Daylight come and me wan' go home.
posted by jfuller at 5:57 AM on March 29, 2013 [3 favorites]


80 foot, 95 foot, 100 foot wave. Who the hell is out there measuring these waves???

The Draupner wave or New Year's wave was the first rogue wave to be detected by a measuring instrument, occurring at the Draupner platform in the North Sea off the coast of Norway on 1 January 1995. Prior to this measurement, such freak waves were known to exist only through anecdotal evidence provided by those who had encountered them at sea.

Minor damage was inflicted on the platform during this event, confirming the validity of the reading made by a downwards-pointing laser sensor. In an area with significant wave height of approximately 12 metres (39 ft), a freak wave with a maximum wave height of 25.6 metres (84 ft) occurred (peak elevation was 18.5 metres (61 ft)).

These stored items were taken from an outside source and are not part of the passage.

Lemma sem_saturated (X : Type) (xi : X -> T X) (phi : formula) (kappa : V -> X -> Prop) :
  (forall z, saturated xi (kappa z)) -> saturated xi (sem lift xi phi kappa).
Proof.
elim: phi kappa => [z|z psi IH|l a IH] k satk /=.
- exact: satk.
- move=> x x' Ex [Y [postY Yx]].
  pose SY x'' := exists y, Y y /\ xi y = xi x''.
  exists SY; split; last by exists x.
  move=> x'' [y [Yy Eyx]]; apply: (IH (upd k z SY) _ y x'' Eyx).
  + move=> w; rewrite /upd; case: (eqdec w z) => [_|_] //=.
    by move=> u u' Eu [v [Yv Ev]]; exists v; split; last rewrite Ev.
  + apply: sem_monotone (postY y Yy) => w; rewrite /upd.
    by case: (eqdec w z) => [_|_] //= u Yu; exists u.
- by move=> x x' <-.
Qed.

End Semantics.

Section SingletonLifting.
Variables (T : Type -> Type) (fmap : forall X Y : Type, (X -> Y) -> T X -> T Y).
Unset Implicit Arguments.
Variables (n : nat) (lam : lifting T n).
Set Implicit Arguments.
Hypothesis lam_pl : is_pred_lifting fmap lam.

Lemma fmap_lifting_singleton_eq (X Y Z : Type) (g1 : X -> Z) (g2 : Y -> Z) (zs : 'I_n -> Z)
    (A : 'I_n -> X -> Prop) (B : 'I_n -> Y -> Prop) (t : T X) (s : T Y) :
  (forall i x, A i x -> g1 x = zs i) -> (forall i y, B i y -> g2 y = zs i) ->
  lam X A t -> lam Y B s -> fmap g1 t = fmap g2 s.
Proof.
move=> hA hB At Bs; have [u [_ u_uniq]] := pl_singleton lam_pl zs.
rewrite -(u_uniq (fmap g1 t)) ?(u_uniq (fmap g2 s)) //; apply/(pl_natural lam_pl).
- by apply: (pl_monotone lam_pl) Bs => i y /hB.
- by apply: (pl_monotone lam_pl) At => i x /hA.
Qed.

http://en.wikipedia.org/wiki/Draupner_wave

posted by sebastienbailard at 1:40 PM on March 29, 2013




A view from inside.
posted by unSane at 5:52 PM on March 29, 2013


Rogue waves and methane bubbles--I doubt if I'll ever get into the bathtub again let alone on a ship!

My husband took me on a romantic beach walk along the Oregon coast in a storm. Little did I know then he was trying to kill me--sneaker waves! Christ in a lifeboat, what next?
posted by BlueHorse at 1:07 AM on March 30, 2013


Methane bubbles are surprisingly common in bathtubs.